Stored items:
Content starts

Lemma is_derive_glue (g h dg dh : R -> R) (a : R) :
  (forall x, is_derive g x (dg x)) -> (forall x, is_derive h x (dh x)) ->
  g a = h a -> dg a = dh a ->
  forall x, is_derive (glue a g h) x (glue a dg dh x).
Proof.
  intros Hg Hh Hgh Hd x; unfold glue at 2.
  destruct (total_order_T x a) as [[Hx|<-]|Hx].
  - destruct (Rle_dec x a) as [_|]; [|lra].
    apply (is_derive_ext_loc g); [|apply Hg].
    apply (filter_imp (fun t => t < a)); [|exact (open_lt _ _ Hx)].
    intros t Ht; unfold glue; destruct (Rle_dec t a); [reflexivity|lra].
  - destruct (Rle_dec x x) as [_|]; [|lra].
    apply is_derive_glue_at; [apply Hg| rewrite Hd; apply Hh | exact Hgh].
  - destruct (Rle_dec x a) as [|_]; [lra|].
    apply (is_derive_ext_loc h); [|apply Hh].
    apply (filter_imp (fun t => a < t)); [|exact (open_gt _ _ Hx)].
    intros t Ht; unfold glue; destruct (Rle_dec t a); [lra|reflexivity].
Qed.

Lemma strictly_increasing_of_derive_pos (f df : R -> R) :
  (forall x, is_derive f x (df x)) -> (forall x, 0 < df x) ->
  forall x y, x < y -> f x < f y.
Proof.
  intros Hf Hdf x y Hxy.
  apply (incr_function f m_infty p_infty df); simpl; auto.
  intros t _ _; apply Rlt_gt, Hdf.
Qed.

Lemma Hp_stable_left (kappa x : R) : x <= - kappa -> Hp kappa x = x + 1.
Proof. intro Hx; unfold Hp; destruct (Rle_dec x (- kappa)); [reflexivity|contradiction]. Qed.

Lemma Hp_spinodal (kappa x : R) :
  0 < kappa -> - kappa <= x <= kappa -> Hp kappa x = - ((1 - kappa) / kappa) * x.
Proof.
  intros Hk Hx; unfold Hp; destruct (Rle_dec x (- kappa)).
  - replace x with (- kappa) by lra; field; lra.
  - destruct (Rle_dec x kappa); [reflexivity|lra].
Qed.

Lemma Hp_stable_right (kappa x : R) : 0 < kappa -> kappa <= x -> Hp kappa x = x - 1.
Proof.
  intros Hk Hx; unfold Hp; destruct (Rle_dec x (- kappa)); [lra|].
  destruct (Rle_dec x kappa); [|reflexivity].
  replace x with kappa by lra; field; lra.
Qed.

Lemma solves_traveling_wave (tau delta kappa Om Sig : R) (X D : R -> R) :
  (forall P, is_derive X P (D P)) ->
  (forall P, - (tau * Om * D P) = Sig + delta * P - Hp kappa (X P)) ->
  solves tau delta kappa (fun t => Sig - delta * (Om * t - 1 / 2))
         (fun t p => X (p - Om * t)).
Proof.
  intros HX Hode t p.
  assert (Hwave : is_derive (fun s => X (p - Om * s)) t (- Om * D (p - Om * t))).
  { apply (is_derive_comp X (fun s => p - Om * s)); [apply HX|].
    auto_derive; [exact I|ring]. }
  split; [eexists; exact Hwave|].
  replace (Derive (fun s => X (p - Om * s)) t) with (- Om * D (p - Om * t))
    by (symmetry; now apply is_derive_unique).
  replace (tau * (- Om * D (p - Om * t))) with (- (tau * Om * D (p - Om * t))) by ring.
  rewrite Hode; ring.
Qed.

Section GluedProfile.

Variables tau delta kappa Om Sig Xm Xp : R.
Variables g1 g2 g3 d1 d2 d3 : R -> R.

Hypothesis kappa_pos : 0 < kappa.
Hypothesis tau_Om_neq0 : tau * Om <> 0.
Hypothesis Xm_lt_Xp : Xm < Xp.

Hypothesis derive_g1 : forall P, is_derive g1 P (d1 P).
Hypothesis derive_g2 : forall P, is_derive g2 P (d2 P).
Hypothesis derive_g3 : forall P, is_derive g3 P (d3 P).

Hypothesis g1_Xm : g1 Xm = - kappa.
Hypothesis g2_Xm : g2 Xm = - kappa.
Hypothesis g2_Xp : g2 Xp = kappa.
Hypothesis g3_Xp : g3 Xp = kappa.

Hypothesis ode_g1 : forall P, - (tau * Om * d1 P) = Sig + delta * P - (g1 P + 1).
Hypothesis ode_g2 :
  forall P, - (tau * Om * d2 P) = Sig + delta * P + (1 - kappa) / kappa * g2 P.
Hypothesis ode_g3 : forall P, - (tau * Om * d3 P) = Sig + delta * P - (g3 P - 1).

Hypothesis d1_pos : forall P, P <= Xm -> 0 < d1 P.
Hypothesis d2_pos : forall P, Xm <= P <= Xp -> 0 < d2 P.
Hypothesis d3_pos : forall P, Xp <= P -> 0 < d3 P.

Local Notation X := (glue Xm g1 (glue Xp g2 g3)).
Local Notation D := (glue Xm d1 (glue Xp d2 d3)).

(* H' is continuous at -kappa and kappa, so the branch equations force equal slopes. *)
Lemma d1_Xm_eq_d2_Xm : d1 Xm = d2 Xm.
Proof.
  apply (Rmult_eq_reg_l (tau * Om)); [|exact tau_Om_neq0].
  apply Ropp_eq_reg; rewrite ode_g1, ode_g2, g1_Xm, g2_Xm; field; lra.
Qed.

Lemma d2_Xp_eq_d3_Xp : d2 Xp = d3 Xp.
Proof.
  apply (Rmult_eq_reg_l (tau * Om)); [|exact tau_Om_neq0].
  apply Ropp_eq_reg; rewrite ode_g2, ode_g3, g2_Xp, g3_Xp; field; lra.
Qed.

Lemma is_derive_profile P : is_derive X P (D P).
Proof.
  apply is_derive_glue; [exact derive_g1| | |].
  - apply is_derive_glue; auto using d2_Xp_eq_d3_Xp; congruence.
  - unfold glue; destruct (Rle_dec Xm Xp); [congruence|lra].
  - unfold glue; destruct (Rle_dec Xm Xp); [exact d1_Xm_eq_d2_Xm|lra].
Qed.

Lemma profile_increasing P Q : P < Q -> X P < X Q.
Proof.
  apply (strictly_increasing_of_derive_pos _ (fun P => D P)); [exact is_derive_profile|].
  intro x; unfold glue.
  destruct (Rle_dec x Xm); [apply d1_pos; lra|].
  destruct (Rle_dec x Xp); [apply d2_pos|apply d3_pos]; lra.
Qed.

Lemma profile_Xm : X Xm = - kappa.
Proof. unfold glue; destruct (Rle_dec Xm Xm); [exact g1_Xm|lra]. Qed.

Lemma profile_Xp : X Xp = kappa.
Proof.
  unfold glue; destruct (Rle_dec Xp Xm); [lra|].
  destruct (Rle_dec Xp Xp); [exact g2_Xp|lra].
Qed.

Lemma profile_le P Q : P <= Q -> X P <= X Q.
Proof. intros [HPQ| ->]; [left; now apply profile_increasing|now right]. Qed.

Lemma profile_ode P : - (tau * Om * D P) = Sig + delta * P - Hp kappa (X P).
Proof.
  destruct (Rle_dec P Xm) as [HPm|HPm]; [|destruct (Rle_dec P Xp) as [HPp|HPp]].
  - assert (HX : X P <= - kappa) by (rewrite <- profile_Xm; now apply profile_le).
    rewrite (Hp_stable_left _ _ HX); unfold glue.
    destruct (Rle_dec P Xm); [apply ode_g1|contradiction].
  - assert (HX : - kappa <= X P <= kappa)
      by (rewrite <- profile_Xm, <- profile_Xp; split; apply profile_le; lra).
    rewrite (Hp_spinodal _ _ kappa_pos HX); unfold glue.
    destruct (Rle_dec P Xm); [contradiction|].
    destruct (Rle_dec P Xp); [|contradiction].
    rewrite ode_g2; ring.
  - assert (HX : kappa <= X P) by (rewrite <- profile_Xp; apply profile_le; lra).
    rewrite (Hp_stable_right _ _ kappa_pos HX); unfold glue.
    destruct (Rle_dec P Xm); [contradiction|].
    destruct (Rle_dec P Xp); [contradiction|apply ode_g3].
Qed.

Lemma glued_profile_TW_props : TW_props tau delta kappa Om Xm Xp Sig X.
Proof.
  split; [|split; [|split; [|split]]].
  - exact (solves_traveling_wave _ _ _ _ _ _ _ is_derive_profile profile_ode).
  - intros t p1 p2 Hp12; apply profile_increasing; lra.
  - intros P HP; rewrite <- profile_Xm; now apply profile_increasing.
  - intros P HP; rewrite <- profile_Xm, <- profile_Xp; split; apply profile_increasing; lra.
  - intros P HP; rewrite <- profile_Xp; now apply profile_increasing.
Qed.

End GluedProfile.

Lemma XL_TW_props (tau delta kappa Om Xm Xp : R) :
  0 < tau -> 0 < delta -> 0 < kappa < 1 -> Om < 0 -> Xm < Xp ->
  TWeq tau delta kappa Om (Xp - Xm) ->
  TW_props tau delta kappa Om Xm Xp (SigmaL tau delta kappa Om Xm)
           (XL tau delta kappa Om Xm Xp).
Proof.
  intros Htau Hdelta Hkappa HOm HXm HT.
  set (C := 2 * (1 - kappa) + delta * (Xp - Xm)).
  set (a := (1 - kappa) / (kappa * tau * Om)).
  assert (HC : 0 < C) by (unfold C; nra).
  assert (HtO : tau * Om < 0) by nra.
  assert (Ha : a < 0) by (apply Rdiv_pos_neg; nra).
  apply glued_profile_TW_props with
    (g1 := fun P => - kappa + delta * (P - Xm))
    (g2 := fun P => - kappa - (kappa * delta / (1 - kappa)) * (P - Xm)
      - (kappa * tau * Om * delta / (1 - kappa) ^ 2) * (exp (- a * (P - Xm)) - 1))
    (g3 := fun P => kappa + delta * (P - Xp) + C * (1 - exp ((P - Xp) / (tau * Om))))
    (d1 := fun P => delta)
    (d2 := fun P => delta / (1 - kappa) * (exp (- a * (P - Xm)) - kappa))
    (d3 := fun P => delta - C / (tau * Om) * exp ((P - Xp) / (tau * Om))); cbv beta.
  1-3: lra.
  - intro P; auto_derive; [exact I|ring].
  - intro P; auto_derive; [exact I|]. unfold Rminus, a; field; lra.
  - intro P; auto_derive; [exact I|]. unfold Rminus, Rdiv; field; lra.
  - ring.
  - replace (Xm - Xm) with 0 by ring. rewrite !Rmult_0_r, exp_0. ring.
  - unfold TWeq in HT; rewrite Rabs_left in HT by exact HOm.
    replace (- a * (Xp - Xm)) with ((1 - kappa) / (kappa * tau * - Om) * (Xp - Xm))
      by (unfold a; field; lra).
    rewrite <- HT; field; lra.
  - replace ((Xp - Xp) / (tau * Om)) with 0 by (field; lra). rewrite exp_0. ring.
  - intro P; unfold SigmaL. ring.
  - intro P; unfold SigmaL, a. field. lra.
  - intro P; unfold SigmaL, C. field. lra.
  - intros P _; exact Hdelta.
  - intros P HP.
    pose proof (exp_ineq1_le (- a * (P - Xm))).
    apply Rmult_lt_0_compat; [apply Rdiv_lt_0_compat|]; nra.
  - intros P _.
    pose proof (exp_pos ((P - Xp) / (tau * Om))).
    assert (C / (tau * Om) < 0) by (apply Rdiv_pos_neg; lra). nra.
Qed.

Content ends

= What this task involves =
What is needed is the number of lines in the records that contain the string "TWeq", stated with nothing else.

= Solution below =
2